*Work task*. Since the data must remain as supplied, reproduce it word for word.

== Segment start ==

(* For every positive integer $m$ such that the shell $(\mathbb{Z}^2)_m=\{x\in\mathbb{Z}^2 : (x,x)=m\}$ is nonempty, the shell $(\mathbb{Z}^2)_m$ is not a spherical $4$-design.
   Context: $(x,y)$ denotes the standard Euclidean inner product on $\mathbb{R}^2$. A finite nonempty set $X\subset S^{n-1}=\{x\in\mathbb{R}^n: x_1^2+\cdots+x_n^2=1\}$ is a spherical $t$-design if $\frac{1}{|X|}\sum_{x\in X}f(x)=\frac{1}{|S^{n-1}|}\int_{S^{n-1}}f(x)\,d\sigma(x)$ for all polynomials $f$ of degree at most $t$; a finite nonempty subset $X$ of the sphere $S^{n-1}(r)$ of radius $r$ is a spherical $t$-design if $\frac{1}{r}X$ is one. (For $n=2$, identifying $\mathbb{R}^2$ with $\mathbb{C}$, a finite set $\{\xi_1,\dots,\xi_N\}$ on the unit circle is a spherical $t$-design iff $\sum_i \xi_i^k=0$ for all $k=1,\dots,t$.) *)

From Stdlib Require Import Reals Lra Lia ZArith List.
From Coquelicot Require Import Coquelicot.
Import ListNotations.
Open Scope R_scope.

Definition poly2_deg_le (t : nat) (f : R -> R -> R) : Prop :=
  exists l : list (R * nat * nat),
    List.Forall (fun m => (snd (fst m) + snd m <= t)%nat) l /\
    forall x y : R,
      f x y = fold_right
                (fun m acc => fst (fst m) * x ^ (snd (fst m)) * y ^ (snd m) + acc)
                0 l.

Definition circle_avg (f : R -> R -> R) : R :=
  RInt (fun th => f (cos th) (sin th)) 0 (2 * PI) / (2 * PI).

Definition list_avg (f : R -> R -> R) (X : list (R * R)) : R :=
  fold_right (fun p acc => f (fst p) (snd p) + acc) 0 X / INR (length X).

Definition is_spherical_design_S1 (t : nat) (X : list (R * R)) : Prop :=
  X <> [] /\ NoDup X /\
  List.Forall (fun p => fst p ^ 2 + snd p ^ 2 = 1) X /\
  forall f, poly2_deg_le t f -> list_avg f X = circle_avg f.

Definition is_spherical_design_r (t : nat) (r : R) (X : list (R * R)) : Prop :=
  is_spherical_design_S1 t (map (fun p => (fst p / r, snd p / r)) X).

Definition zrange (m : nat) : list Z :=
  map (fun k => (Z.of_nat k - Z.of_nat m)%Z) (seq 0 (2 * m + 1)).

== Segment end ==

*Result for this exercise*.
(* For every positive integer $m$ such that the shell $(\mathbb{Z}^2)_m=\{x\in\mathbb{Z}^2 : (x,x)=m\}$ is nonempty, the shell $(\mathbb{Z}^2)_m$ is not a spherical $4$-design.
   Context: $(x,y)$ denotes the standard Euclidean inner product on $\mathbb{R}^2$. A finite nonempty set $X\subset S^{n-1}=\{x\in\mathbb{R}^n: x_1^2+\cdots+x_n^2=1\}$ is a spherical $t$-design if $\frac{1}{|X|}\sum_{x\in X}f(x)=\frac{1}{|S^{n-1}|}\int_{S^{n-1}}f(x)\,d\sigma(x)$ for all polynomials $f$ of degree at most $t$; a finite nonempty subset $X$ of the sphere $S^{n-1}(r)$ of radius $r$ is a spherical $t$-design if $\frac{1}{r}X$ is one. (For $n=2$, identifying $\mathbb{R}^2$ with $\mathbb{C}$, a finite set $\{\xi_1,\dots,\xi_N\}$ on the unit circle is a spherical $t$-design iff $\sum_i \xi_i^k=0$ for all $k=1,\dots,t$.) *)

From Stdlib Require Import Reals Lra Lia ZArith List.
From Coquelicot Require Import Coquelicot.
Import ListNotations.
Open Scope R_scope.

Definition poly2_deg_le (t : nat) (f : R -> R -> R) : Prop :=
  exists l : list (R * nat * nat),
    List.Forall (fun m => (snd (fst m) + snd m <= t)%nat) l /\
    forall x y : R,
      f x y = fold_right
                (fun m acc => fst (fst m) * x ^ (snd (fst m)) * y ^ (snd m) + acc)
                0 l.

Definition circle_avg (f : R -> R -> R) : R :=
  RInt (fun th => f (cos th) (sin th)) 0 (2 * PI) / (2 * PI).

Definition list_avg (f : R -> R -> R) (X : list (R * R)) : R :=
  fold_right (fun p acc => f (fst p) (snd p) + acc) 0 X / INR (length X).

Definition is_spherical_design_S1 (t : nat) (X : list (R * R)) : Prop :=
  X <> [] /\ NoDup X /\
  List.Forall (fun p => fst p ^ 2 + snd p ^ 2 = 1) X /\
  forall f, poly2_deg_le t f -> list_avg f X = circle_avg f.

Definition is_spherical_design_r (t : nat) (r : R) (X : list (R * R)) : Prop :=
  is_spherical_design_S1 t (map (fun p => (fst p / r, snd p / r)) X).

Definition zrange (m : nat) : list Z :=
  map (fun k => (Z.of_nat k - Z.of_nat m)%Z) (seq 0 (2 * m + 1)).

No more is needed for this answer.